Stored items:
(* Let $f=\frac1n\sum_{z=1}^nf_z$ be twice differentiable, let $x_0\in\mathbb{R}^d$, $H=\nabla^2f(x_0)$, and suppose $\lambda_{\min}(H)=-\lambda<0$ with unit eigenvector $v$, and that the CNC condition holds at $x_0$: $\mathbb{E}_z[(v^T\nabla f_z(x_0))^2]\ge\tau$ for $z$ uniform on $[n]$. Let $x_1=x_0-r\nabla f_z(x_0)$ with $z$ uniform on $[n]$, let $\eta>0$, $\kappa=1+\eta\lambda$, and $u_t=(I-\eta H)^t(x_1-x_0)$. Then for every $t\ge0$, $$\mathbb{E}[\|u_t\|^2]\ge\tau r^2\kappa^{2t}.$$ *)

From HB Require Import structures.
From mathcomp Require Import all_boot all_order all_algebra.
From mathcomp Require Import all_classical all_reals all_analysis.
Set Implicit Arguments. Unset Strict Implicit. Unset Printing Implicit Defensive.
Import Order.TTheory GRing.Theory Num.Theory.
Import numFieldNormedType.Exports.
Local Open Scope ring_scope.

Definition basis_vec (R : realType) (d : nat) (i : 'I_d) : 'cV[R]_d :=
  delta_mx i ord0.

Definition grad (R : realType) (d : nat) (f : 'cV[R]_d -> R) (x : 'cV[R]_d)
  : 'cV[R]_d := \col_i ('D_(@basis_vec R d i) f x).

Definition hessian (R : realType) (d : nat) (f : 'cV[R]_d -> R) (x : 'cV[R]_d)
  : 'M[R]_d := \matrix_(i, j) ('D_(@basis_vec R d j) (fun y => grad f y i ord0) x).

Definition twice_differentiable (R : realType) (d : nat) (f : 'cV[R]_d -> R) :=
  forall x, differentiable f x /\ differentiable (grad f) x.

Definition sqnorm (R : realType) (d : nat) (u : 'cV[R]_d) : R :=
  \sum_i (u i ord0) ^+ 2.

Definition is_lambda_min (R : realType) (d : nat) (H : 'M[R]_d) (m : R) :=
  eigenvalue H m /\ forall mu, eigenvalue H mu -> m <= mu.

Definition avg (R : realType) (n : nat) (g : 'I_n -> R) : R :=
  n%:R^-1 * \sum_(z < n) g z.

(* Twice differentiability makes the Hessian symmetric: both mixed partials
   [D_b D_a f x] and [D_a D_b f x] are the limit of the symmetric second
   difference [f (x + h a + h b) - f (x + h a) - f (x + h b) + f x] over [h ^ 2],
   by the mean value theorem.  Hence [v] is also a left eigenvector of
   [M = I - eta H], with eigenvalue [kappa], so [v^T M^t u = kappa^t v^T u].
   For [u = x1 - x0 = - r grad f_z x0] Cauchy-Schwarz against the unit vector
   [v] gives [|M^t u|^2 >= kappa^(2t) r^2 (v^T grad f_z x0)^2], and averaging
   over [z] yields the bound [tau r^2 kappa^(2t)]. *)

From HB Require Import structures.
From mathcomp Require Import all_boot all_order all_algebra.
From mathcomp Require Import all_classical all_reals all_analysis.
From mathcomp Require Import lra ring.
Import Order.TTheory GRing.Theory Num.Theory.
Import numFieldNormedType.Exports.
Set Implicit Arguments.
Unset Strict Implicit.
Unset Printing Implicit Defensive.

Local Open Scope ring_scope.

Section SecondDifference.
Variables (R : realType) (V : normedModType R).
Local Open Scope classical_set_scope.

Lemma differentiable_remainder_le (phi : V -> R) x : differentiable phi x ->
  forall eps, 0 < eps -> exists2 del, 0 < del & forall w, `|w| < del ->
    `|phi (w + x) - phi x - 'd phi x w| <= eps * `|w|.
Proof.
move=> /diff_locally dx eps eps0.
have /nbhs_norm0P[del del0 Hdel] := (proj1 (eqaddoP _ _ _ _) dx) eps eps0.
by exists del => // w /Hdel /=; rewrite opprD addrA.
Qed.

Lemma is_derive_along (f : V -> R) (a y : V) (s : R) :
  differentiable f (s *: a + y) ->
  is_derive s 1 (fun t : R => f (t *: a + y)) ('D_a f (s *: a + y)).
Proof.
move=> df.
have shiftE : (fun h : R => h^-1 *: (f ((h *: 1 + s) *: a + y) - f (s *: a + y)))
    = (fun h : R => h^-1 *: (f (h *: a + (s *: a + y)) - f (s *: a + y))).
  by apply/funext => h; rewrite [h *: 1]mulr1 scalerDl addrA.
split; first by rewrite /derivable /= shiftE; exact: diff_derivable.
by rewrite /derive /= shiftE.
Qed.

(* The left-hand side is the difference of two first-order remainders of [phi]
   at [x], taken at points of norm [O(h)]. *)
Lemma increment_derive_le (phi : V -> R) (a b x : V) : differentiable phi x ->
  forall eps, 0 < eps -> exists2 del, 0 < del & forall s h : R,
    0 < s -> s < h -> h < del ->
    `|phi (s *: a + (h *: b + x)) - phi (s *: a + x) - h * 'D_b phi x| <= eps * h.
Proof.
move=> dphi eps eps0.
set K := `|a| + `|b| + 1.
have K0 : 0 < K by rewrite /K; have := normr_ge0 a; have := normr_ge0 b; lra.
have eK0 : 0 < eps / (2 * K) by rewrite divr_gt0 // mulr_gt0.
have [del del0 Hdel] := differentiable_remainder_le dphi eK0.
exists (del / K) => [|s h s0 sh]; first exact: divr_gt0.
rewrite ltr_pdivlMr // => hK.
set L := 'd phi x.
have small w : `|w| <= h * K -> `|phi (w + x) - phi x - L w| <= eps * h / 2.
  move=> wh; apply: le_trans (Hdel _ (le_lt_trans wh hK)) _.
  apply: le_trans (ler_wpM2l (ltW eK0) wh) _.
  by rewrite [leLHS](_ : _ = eps * h / 2) //; field; rewrite gt_eqF.
have h0 := lt_trans s0 sh.
have [nsa nb] : `|s *: a| <= h * `|a| /\ `|h *: b| = h * `|b|.
  by rewrite !normrZ !gtr0_norm // ler_wpM2r // ltW.
have hab : h * (`|a| + `|b|) <= h * K by rewrite ler_pM2l // lerDl.
have nsab : `|s *: a + h *: b| <= h * K.
  by apply: le_trans (ler_normD _ _) (le_trans _ hab); rewrite nb mulrDr lerD2r.
have nsa' : `|s *: a| <= h * K.
  by apply: le_trans nsa (le_trans _ hab); rewrite ler_pM2l // lerDl.
have LE : L (s *: a + h *: b) = L (s *: a) + h * 'D_b phi x.
  by rewrite linearD [L (h *: b)]linearZ (deriveE _ dphi).
have -> : phi (s *: a + (h *: b + x)) - phi (s *: a + x) - h * 'D_b phi x
    = (phi ((s *: a + h *: b) + x) - phi x - L (s *: a + h *: b))
      - (phi (s *: a + x) - phi x - L (s *: a)).
  by rewrite LE addrA; ring.
apply: le_trans (ler_normB _ _) _.
by have := small _ nsab; have := small _ nsa'; lra.
Qed.

Definition second_diff (f : V -> R) (a b x : V) (h : R) :=
  f (h *: a + (h *: b + x)) - f (h *: a + x) - f (h *: b + x) + f x.

Lemma second_diffC f a b x h : second_diff f a b x h = second_diff f b a x h.
Proof. by rewrite /second_diff addrCA; ring. Qed.

(* Mean value theorem for [s |-> f (s a + h b + x) - f (s a + x) - s h c]
   on [[0, h]]. *)
Lemma second_diff_approx (f : V -> R) (a b x : V) :
  (forall y, differentiable f y) -> differentiable ('D_a f) x ->
  forall eps, 0 < eps -> exists2 del, 0 < del & forall h : R, 0 < h -> h < del ->
    `|second_diff f a b x h - h ^+ 2 * 'D_b ('D_a f) x| <= eps * h ^+ 2.
Proof.
move=> df dDa eps eps0.
have [del del0 Hdel] := increment_derive_le a b dDa eps0.
exists del => // h h0 hdel.
set c := 'D_b ('D_a f) x.
pose k s := f (s *: a + (h *: b + x)) - f (s *: a + x) - h * c * s.
pose dk s := 'D_a f (s *: a + (h *: b + x)) - 'D_a f (s *: a + x) - h * c.
have kd (s : R) : is_derive s 1 k (dk s).
  apply: is_deriveB; first by apply: is_deriveB; apply: is_derive_along.
  exact: is_derive_eq (is_deriveZ (h * c) (is_derive_id s 1)) (mulr1 _).
have kc : {within `[0, h], continuous k}.
  by apply: derivable_within_continuous => s _; exact: ex_derive.
have [xi /[!in_itv] /andP[xi0 xih] kE] := MVT h0 (fun s _ => kd s) kc.
have -> : second_diff f a b x h - h ^+ 2 * c = k h - k 0.
  by rewrite /second_diff /k !scale0r !add0r; ring.
rewrite kE subr0 normrM (gtr0_norm h0) expr2 mulrA ler_pM2r //.
exact: Hdel.
Qed.

Lemma derive_comm (f : V -> R) (a b x : V) :
  (forall y, differentiable f y) ->
  differentiable ('D_a f) x -> differentiable ('D_b f) x ->
  'D_b ('D_a f) x = 'D_a ('D_b f) x.
Proof.
move=> df dDa dDb.
apply/eqP; rewrite -subr_eq0 -normr_le0; apply/ler_addgt0Pr => e e0.
rewrite add0r; have e20 : 0 < e / 2 by rewrite divr_gt0.
have [d1 d10 H1] := second_diff_approx b df dDa e20.
have [d2 d20 H2] := second_diff_approx a df dDb e20.
set h := Num.min d1 d2 / 2.
have m0 : 0 < Num.min d1 d2 by rewrite lt_min d10.
have h0 : 0 < h by rewrite divr_gt0.
have /andP[hd1 hd2] : (h < d1) && (h < d2) by rewrite -lt_min /h; lra.
have := H2 h h0 hd2; have := H1 h h0 hd1; rewrite second_diffC.
set D := second_diff _ _ _ _ _; set c1 := 'D_b _ x; set c2 := 'D_a _ x.
move=> B1 B2.
have E : (D - h ^+ 2 * c2) - (D - h ^+ 2 * c1) = h ^+ 2 * (c1 - c2) by ring.
have : `|h ^+ 2 * (c1 - c2)| <= e / 2 * h ^+ 2 + e / 2 * h ^+ 2.
  by rewrite -E; apply: le_trans (ler_normB _ _) (lerD B2 B1).
rewrite normrM ger0_norm ?sqr_ge0 // -mulrDl -splitr [h ^+ 2 * _]mulrC.
by rewrite ler_pM2r // exprn_gt0.
Qed.

End SecondDifference.

Lemma grad_coord (R : realType) (d : nat) (f : 'cV[R]_d -> R) (i : 'I_d) :
  (fun y => grad f y i ord0) = 'D_(@basis_vec R d i) f.
Proof. by apply/funext => y; rewrite mxE. Qed.

Lemma trmx_hessian (R : realType) (d : nat) (f : 'cV[R]_d -> R) (x : 'cV[R]_d) :
  (forall y, differentiable f y) -> differentiable (grad f) x ->
  (hessian f x)^T = hessian f x.
Proof.
move=> df dgrad.
have dD i : differentiable ('D_(@basis_vec R d i) f) x.
  rewrite -grad_coord.
  exact: differentiable_comp dgrad (differentiable_coord _ i ord0).
by apply/matrixP => i j; rewrite !mxE !grad_coord derive_comm.
Qed.

Lemma trmx_mulmx_exp_eigen (R : comPzRingType) (n k : nat) (A : 'M[R]_n)
    (v : 'cV[R]_n) (a : R) :
  A^T = A -> A *m v = a *: v -> v^T *m A ^+ k = a ^+ k *: v^T.
Proof.
move=> AT Av; have vA : v^T *m A = a *: v^T by rewrite -AT -trmx_mul Av linearZ.
elim: k => [|k IH]; first by rewrite expr0 -idmxE mulmx1 scale1r.
by rewrite exprSr -mulmxE mulmxA IH -scalemxAl vA scalerA -exprSr.
Qed.

Lemma sqr_dot_le_sqnorm (R : realType) (d : nat) (u v : 'cV[R]_d) :
  sqnorm v = 1 -> ((v^T *m u) ord0 ord0) ^+ 2 <= sqnorm u.
Proof.
move=> v1; set s := (v^T *m u) ord0 ord0.
have sE : s = \sum_i v i ord0 * u i ord0.
  by rewrite /s mxE; apply: eq_bigr => i _; rewrite mxE.
have : 0 <= \sum_i (u i ord0 - s * v i ord0) ^+ 2.
  by apply: sumr_ge0 => i _; apply: sqr_ge0.
have -> : \sum_i (u i ord0 - s * v i ord0) ^+ 2
    = sqnorm u - 2 * s * (\sum_i v i ord0 * u i ord0) + s ^+ 2 * sqnorm v.
  by rewrite /sqnorm !mulr_sumr -sumrB -big_split /=; apply: eq_bigr => i _; ring.
by rewrite -sE v1; lra.
Qed.

Lemma sqnorm_mulmx_ge (R : realType) (d : nat) (M : 'M[R]_d) (u v : 'cV[R]_d) (a : R) :
  sqnorm v = 1 -> v^T *m M = a *: v^T ->
  a ^+ 2 * ((v^T *m u) ord0 ord0) ^+ 2 <= sqnorm (M *m u).
Proof.
move=> v1 vM; apply: le_trans (sqr_dot_le_sqnorm _ v1).
set s := (v^T *m u) ord0 ord0. (* keeps [mxE] from expanding this product *)
by rewrite mulmxA vM -scalemxAl mxE exprMn.
Qed.

Lemma ler_avg (R : realType) (n : nat) (g h : 'I_n -> R) :
  (forall z, g z <= h z) -> avg g <= avg h.
Proof.
by move=> gh; rewrite ler_wpM2l ?invr_ge0 ?ler0n // ler_sum // => z _; exact: gh.
Qed.

Lemma avgZ (R : realType) (n : nat) (c : R) (g : 'I_n -> R) :
  avg (fun z => c * g z) = c * avg g.
Proof. by rewrite /avg -mulr_sumr mulrCA. Qed.

Theorem lemma30 (R : realType) (d n : nat) (fs : 'I_n -> 'cV[R]_d -> R)
  (x0 v : 'cV[R]_d) (lambda tau r eta : R) :
  (0 < n)%N ->
  let f := fun x => avg (fun z => fs z x) in
  let H := hessian f x0 in
  twice_differentiable f ->
  (forall z, differentiable (fs z) x0) ->
  0 < lambda ->
  is_lambda_min H (- lambda) ->
  H *m v = (- lambda) *: v ->
  sqnorm v = 1 ->
  avg (fun z => ((v^T *m grad (fs z) x0) ord0 ord0) ^+ 2) >= tau ->
  0 < eta ->
  let kappa := 1 + eta * lambda in
  forall t : nat,
    avg (fun z =>
      let x1 := x0 - r *: grad (fs z) x0 in
      sqnorm ((1%:M - eta *: H) ^+ t *m (x1 - x0)))
    >= tau * r ^+ 2 * kappa ^+ (2 * t).
Proof.
move=> _ f H df2 _ _ _ Hv v1 tau_le _ kappa t.
have HT : H^T = H := trmx_hessian (fun y => (df2 y).1) (df2 x0).2.
set M := 1%:M - eta *: H.
have MT : M^T = M by rewrite /M linearB /= trmx1 linearZ /= HT.
have Mv : M *m v = kappa *: v.
  by rewrite /M mulmxBl mul1mx -scalemxAl Hv scalerA mulrN scaleNr opprK scalerDl scale1r.
have vMt := trmx_mulmx_exp_eigen t MT Mv.
pose g z := (v^T *m grad (fs z) x0) ord0 ord0.
have C0 : 0 <= r ^+ 2 * kappa ^+ (2 * t) by rewrite mulnC exprM mulr_ge0 ?sqr_ge0.
apply: le_trans (_ : r ^+ 2 * kappa ^+ (2 * t) * avg (fun z => g z ^+ 2) <= _).
  by rewrite [leLHS](_ : _ = r ^+ 2 * kappa ^+ (2 * t) * tau) ?ler_wpM2l //; ring.
rewrite -avgZ; apply: ler_avg => z /=.
apply: le_trans (sqnorm_mulmx_ge _ v1 vMt).
rewrite addrAC subrr add0r mulmxN -scalemxAr 2!mxE -/(g z).
by rewrite sqrrN exprMn mulnC exprM mulrAC mulrC.
Qed.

__PROBLEM STATEMENT__.
When the line with "Lemma grad_coord (R" is reached in the data above, start copying there, and copy each line exactly until the line with "Lemma trmx_hessian (R" has been copied; copy nothing else.

__SOLUTION FOR THIS EXERCISE__.
Lemma grad_coord (R : realType) (d : nat) (f : 'cV[R]_d -> R) (i : 'I_d) :
  (fun y => grad f y i ord0) = 'D_(@basis_vec R d i) f.
Proof. by apply/funext => y; rewrite mxE. Qed.

Lemma trmx_hessian (R : realType) (d : nat) (f : 'cV[R]_d -> R) (x : 'cV[R]_d) :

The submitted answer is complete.